AIM OF THE TASK:
Please take the lines from the one holding "function or to infinity. *)" through the one holding "Definition nonrecurrent (lam" in the data below and copy them exactly.

Top of RECORDS FOR THIS TASK

(* Let $G$ be a connected undirected weighted graph on $n$ nodes (weights normalized as below) with maximum weighted degree $d_{\max}<\frac{n^{1/5}}{16\ln n}$. Then, for all sufficiently large $n$, $\mathsf{OPT}(G)>\frac{1}{8\,d_{\max}}$.
   Context: Weighted modularity: $G=(V,E,\ell)$ is an undirected graph with nonnegative edge weights $\ell$; $a_{u,v}=\ell(u,v)$ if $\{u,v\}\in E$ and $0$ otherwise; $d_u=\sum_{v}a_{u,v}$ is the weighted degree, $d_{\max}=\max_v d_v$. Weights are normalized (by a common scaling, which does not change modularity) so that $\sum_{v\in V}d_v=2|E|$, and $m=\frac12\sum_v d_v$. For $C\subseteq V$, $\mathsf M(C)=\frac{1}{2m}\sum_{u\in C}\sum_{v\in C}\big(a_{u,v}-\frac{d_ud_v}{2m}\big)$, the sum over all ordered pairs including $u=v$. A clustering is a partition $\mathcal S$ of $V$ into nonempty clusters, $\mathsf M(\mathcal S)=\sum_{C\in\mathcal S}\mathsf M(C)$, and $\mathsf{OPT}(G)$ is the maximum of $\mathsf M(\mathcal S)$ over all clusterings. *)

From Stdlib Require Import Reals Lra Lia Arith.
Open Scope R_scope.

(* Vertices of a graph on n nodes are 0, ..., n-1. *)

Fixpoint fsum (n : nat) (f : nat -> R) : R :=
  match n with
  | O => 0
  | S k => fsum k f + f k
  end.

Fixpoint ncount (n : nat) (P : nat -> bool) : nat :=
  match n with
  | O => O
  | S k => (ncount k P + (if P k then 1 else 0))%nat
  end.
Lemma evecE (j i : 'I_k) : (evec j : 'cV[R]_k) i ord0 = (i == j)%:R.
Proof. by rewrite /evec mxE eqxx andbT. Qed.

Lemma drains_from0 j : drains_from j 0.
Proof. by split=> [|i _]; [rewrite big1 // => i _|]; rewrite mxE. Qed.

Lemma drains_fromD j a b :
  drains_from j a -> drains_from j b -> drains_from j (a + b).
Proof.
move=> [suma a_ge0] [sumb b_ge0]; split => [|i ij].
  by under eq_bigr do rewrite mxE; rewrite big_split /= suma sumb addr0.
by rewrite mxE addr_ge0 ?a_ge0 ?b_ge0.
Qed.

Lemma drains_from_le0 j v : drains_from j v -> v j ord0 <= 0.
Proof.
move=> [sumv v_ge0]; move/eqP: sumv; rewrite (bigD1 j) //= addr_eq0 => /eqP ->.
by rewrite oppr_le0 sumr_ge0.
Qed.

Lemma drains_from_lt0 j v : drains_from j v -> v != 0 -> v j ord0 < 0.
Proof.
move=> [sumv v_ge0] v_neq0; rewrite lt_neqAle drains_from_le0 // andbT.
apply: contra v_neq0 => /eqP vj0; apply/eqP/matrixP => i o; rewrite (ord1 o) mxE.
have [->|ij] := eqVneq i j; first by [].
move: sumv; rewrite (bigD1 j) //= vj0 add0r => /eqP.
rewrite psumr_eq0 => [/allP|l lj].
  by move=> /(_ i (mem_index_enum i)); rewrite ij => /implyP/(_ isT)/eqP.
exact: v_ge0.
Qed.

Lemma drains_from_mul (M : 'M[R]_k) j j' v : col_stochastic M ->
  M *m evec j = evec j' -> drains_from j v -> drains_from j' (M *m v).
Proof.
move=> [M_ge0 Msum] Mj [sumv v_ge0]; split => [|i ij'].
  under eq_bigr do rewrite mxE.
  rewrite exchange_big /=; under eq_bigr do rewrite -mulr_suml Msum mul1r.
  exact: sumv.
rewrite mxE (bigD1 j) //= -mul_evec Mj evecE (negbTE ij') mul0r add0r.
by rewrite sumr_ge0 // => l lj; rewrite mulr_ge0 ?M_ge0 ?v_ge0.
Qed.

Lemma drains_annihilated (M : 'M[R]_k) c (v : 'cV[R]_k) :
  (forall l, ~ (M *m evec l = evec c) -> v l ord0 = 0) ->
  \sum_i v i ord0 = 0 -> M *m v = 0.
Proof.
move=> v_supp sumv; apply/matrixP => i o; rewrite (ord1 o) !mxE.
have -> : \sum_l M i l * v l ord0 = \sum_l (evec c : 'cV[R]_k) i ord0 * v l ord0.
  apply: eq_bigr => l _; have [Ml|Ml] := pselect (M *m evec l = evec c).
    by rewrite -mul_evec Ml.
  by rewrite v_supp // !mulr0.
by rewrite -mulr_sumr sumv mulr0.
Qed.
(* Let $\lambda_0$ be non-recurrent. For every $q\in(0,1)$ there exist $N_1\in\mathbb{N}$, $r>0$ and $\delta>0$ such that the following holds: for every $\lambda\in D(\lambda_0,r)$ and every $n\ge N_1$, if $|\xi_{j,k}(\lambda)-\xi_{j,k}(\lambda_0)|\le\delta$ for all $0\le j\le n$ and all $0\le k\le\widetilde N$, then $$\left|\frac{\zeta_n'(\lambda)}{(f_\lambda^n)'(0)}-\frac{L_{\lambda_0}}{\lambda_0}\right|\le q\left|\frac{L_{\lambda_0}}{\lambda_0}\right|.$$ The same holds with $\zeta_n(\lambda)$ and $f_\lambda$ replaced by $\xi_n(\lambda)$ and $g_\lambda$ respectively.
   Context: For $\lambda\in\mathbb{C}\setminus\{0\}$ let $f_\lambda(z)=\lambda e^z$ with Julia set $\mathcal{J}(f_\lambda)$ and post-singular set $\mathcal{P}(f_\lambda)=\overline{\{f_\lambda^n(0): n\ge 0\}}$. A parameter $\lambda$ is non-recurrent if $0\in\mathcal{J}(f_\lambda)$ and there is $\Delta>0$ with $\mathcal{P}(f_\lambda)\cap D(0,\Delta)=\{0\}$. For non-recurrent $\lambda_0$, by a result of Benini there exist an integer $\widetilde N\ge1$ and $\tilde\gamma>1$ with $|(f_{\lambda_0}^k)'(z)|>\tilde\gamma$ for all $k\ge\widetilde N$ and all $z\in\mathcal{P}(f_{\lambda_0})$; fix such $\widetilde N$. Set $g_\lambda=f_\lambda^{\widetilde N}$, $\zeta_n(\lambda)=f^n_\lambda(0)$, $\xi_n(\lambda)=g^n_\lambda(0)$ and $\xi_{n,k}(\lambda)=f^k_\lambda(\xi_n(\lambda))$ for $0\le k\le \widetilde N$. Here $\zeta_n'$, $\xi_n'$ are derivatives in $\lambda$, and $(f_\lambda^n)'(0)$, $(g^n_\lambda)'(0)$ are derivatives in $z$ at $0$ (with $(f^0_\lambda)'\equiv1$). For non-recurrent $\lambda_0$, the limit $L_{\lambda_0}=\lim_{n\to\infty}\sum_{j=0}^n 1/(f^j_{\lambda_0})'(0)$ exists and satisfies $L_{\lambda_0}\ne 0,\infty$ (Urbański–Zdunik). *)

From Stdlib Require Import Reals ClassicalEpsilon.
From Coquelicot Require Import Coquelicot.
Open Scope R_scope.

Definition Cexp (z : C) : C := (exp (Re z) * cos (Im z), exp (Re z) * sin (Im z)).

Definition Cderiv (f : C -> C) (z : C) : C :=
  epsilon (inhabits (RtoC 0)) (fun d : C => @is_derive C_AbsRing C_NormedModule f z d).

Definition fexp (lam : C) (z : C) : C := Cmult lam (Cexp z).
Definition fiter (lam : C) (n : nat) : C -> C := Nat.iter n (fexp lam).

Definition giter (Nt : nat) (lam : C) (n : nat) : C -> C := Nat.iter n (fiter lam Nt).

Definition zeta (n : nat) (lam : C) : C := fiter lam n (RtoC 0).
Definition xi (Nt n : nat) (lam : C) : C := giter Nt lam n (RtoC 0).
Definition xik (Nt n k : nat) (lam : C) : C := fiter lam k (xi Nt n lam).

(** Normality of the iterates of F on the disk D(z0, r): every subsequence of
    (F^n) has a further subsequence converging locally uniformly on D(z0,r)
    (i.e. uniformly on every closed subdisk D̄(z0,s), s<r) either to a finite
    function or to infinity. *)
Definition strict_incr (phi : nat -> nat) : Prop := forall k, (phi k < phi (S k))%nat.

Definition loc_unif_conv (fs : nat -> C -> C) (g : C -> C) (z0 : C) (r : R) : Prop :=
  forall s, 0 < s < r -> forall eps, 0 < eps ->
    exists N, forall n, (N <= n)%nat -> forall w, Cmod (Cminus w z0) <= s ->
      Cmod (Cminus (fs n w) (g w)) < eps.

Definition loc_unif_infty (fs : nat -> C -> C) (z0 : C) (r : R) : Prop :=
  forall s, 0 < s < r -> forall M,
    exists N, forall n, (N <= n)%nat -> forall w, Cmod (Cminus w z0) <= s ->
      M < Cmod (fs n w).

Definition normal_iterates (F : C -> C) (z0 : C) (r : R) : Prop :=
  forall phi, strict_incr phi -> exists psi, strict_incr psi /\
    ((exists g, loc_unif_conv (fun k => Nat.iter (phi (psi k)) F) g z0 r) \/
     loc_unif_infty (fun k => Nat.iter (phi (psi k)) F) z0 r).

Definition Fatou (F : C -> C) (z : C) : Prop := exists r, 0 < r /\ normal_iterates F z r.
Definition Julia (F : C -> C) (z : C) : Prop := ~ Fatou F z.

Definition postsing (lam : C) (z : C) : Prop :=
  forall eps, 0 < eps -> exists n, Cmod (Cminus (zeta n lam) z) < eps.

Definition nonrecurrent (lam : C) : Prop :=
  lam <> RtoC 0 /\ Julia (fexp lam) (RtoC 0) /\
  exists Delta, 0 < Delta /\
    forall z, (postsing lam z /\ Cmod z < Delta) <-> z = RtoC 0.
Lemma phi_meet_iseg B : #|B| = l -> B != iseg n l -> (k = l -> 0 < pG k l B) ->
  phi k l B :&: iseg n l != set0.
Proof.
move=> Bl B_neq p_pos; rewrite -card_gt0.
have ln : l <= n by lia.
have := card_phi_prefix B ln; case: (leqP (cut B) l) => [m_le | l_lt].
  have := card_setI_iseg_mono B m_le; rewrite card_cut //.
  by case: (eqVneq k l) => [/p_pos | ]; lia.
by have := card_setI_iseg_lt ln Bl B_neq; lia.
Qed.

End Phi.

Theorem lemma5p1 (n k l : nat) (F G : {set {set 'I_n}}) :
  1 <= l -> l <= k -> k + l <= n ->
  (forall A, A \in F -> #|A| = k) ->
  (forall B, B \in G -> #|B| = l) ->
  initial F -> initial G -> cross_intersecting F G ->
  (k = l -> forall B, B \in G -> 1 <= pG k l B) ->
  (forall B, B \in G -> #|phi k l B| = k) /\
  ({in G &, injective (phi k l)} /\ (forall B, B \in G -> phi k l B \notin F)) /\
  (forall B, B \in G -> B != @iseg n l -> phi k l B :&: @iseg n l != set0).
Proof.
move=> _ lk kln _ cardG iF iG FG pG_pos.
split; [|split; [split|]].
- by move=> B /cardG; exact: card_phi.
- by move=> B1 B2 /cardG B1l /cardG B2l; exact: phi_inj.
- by move=> B BG; exact: phi_notin iF iG FG BG (cardG B BG).
- move=> B BG B_neq; apply: (phi_meet_iseg lk kln (cardG B BG) B_neq) => kl.
  exact: pG_pos.
Qed.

Bottom of RECORDS FOR THIS TASK

SOLUTION BELOW:
    function or to infinity. *)
Definition strict_incr (phi : nat -> nat) : Prop := forall k, (phi k < phi (S k))%nat.

Definition loc_unif_conv (fs : nat -> C -> C) (g : C -> C) (z0 : C) (r : R) : Prop :=
  forall s, 0 < s < r -> forall eps, 0 < eps ->
    exists N, forall n, (N <= n)%nat -> forall w, Cmod (Cminus w z0) <= s ->
      Cmod (Cminus (fs n w) (g w)) < eps.

Definition loc_unif_infty (fs : nat -> C -> C) (z0 : C) (r : R) : Prop :=
  forall s, 0 < s < r -> forall M,
    exists N, forall n, (N <= n)%nat -> forall w, Cmod (Cminus w z0) <= s ->
      M < Cmod (fs n w).

Definition normal_iterates (F : C -> C) (z0 : C) (r : R) : Prop :=
  forall phi, strict_incr phi -> exists psi, strict_incr psi /\
    ((exists g, loc_unif_conv (fun k => Nat.iter (phi (psi k)) F) g z0 r) \/
     loc_unif_infty (fun k => Nat.iter (phi (psi k)) F) z0 r).

Definition Fatou (F : C -> C) (z : C) : Prop := exists r, 0 < r /\ normal_iterates F z r.
Definition Julia (F : C -> C) (z : C) : Prop := ~ Fatou F z.

Definition postsing (lam : C) (z : C) : Prop :=
  forall eps, 0 < eps -> exists n, Cmod (Cminus (zeta n lam) z) < eps.

Definition nonrecurrent (lam : C) : Prop :=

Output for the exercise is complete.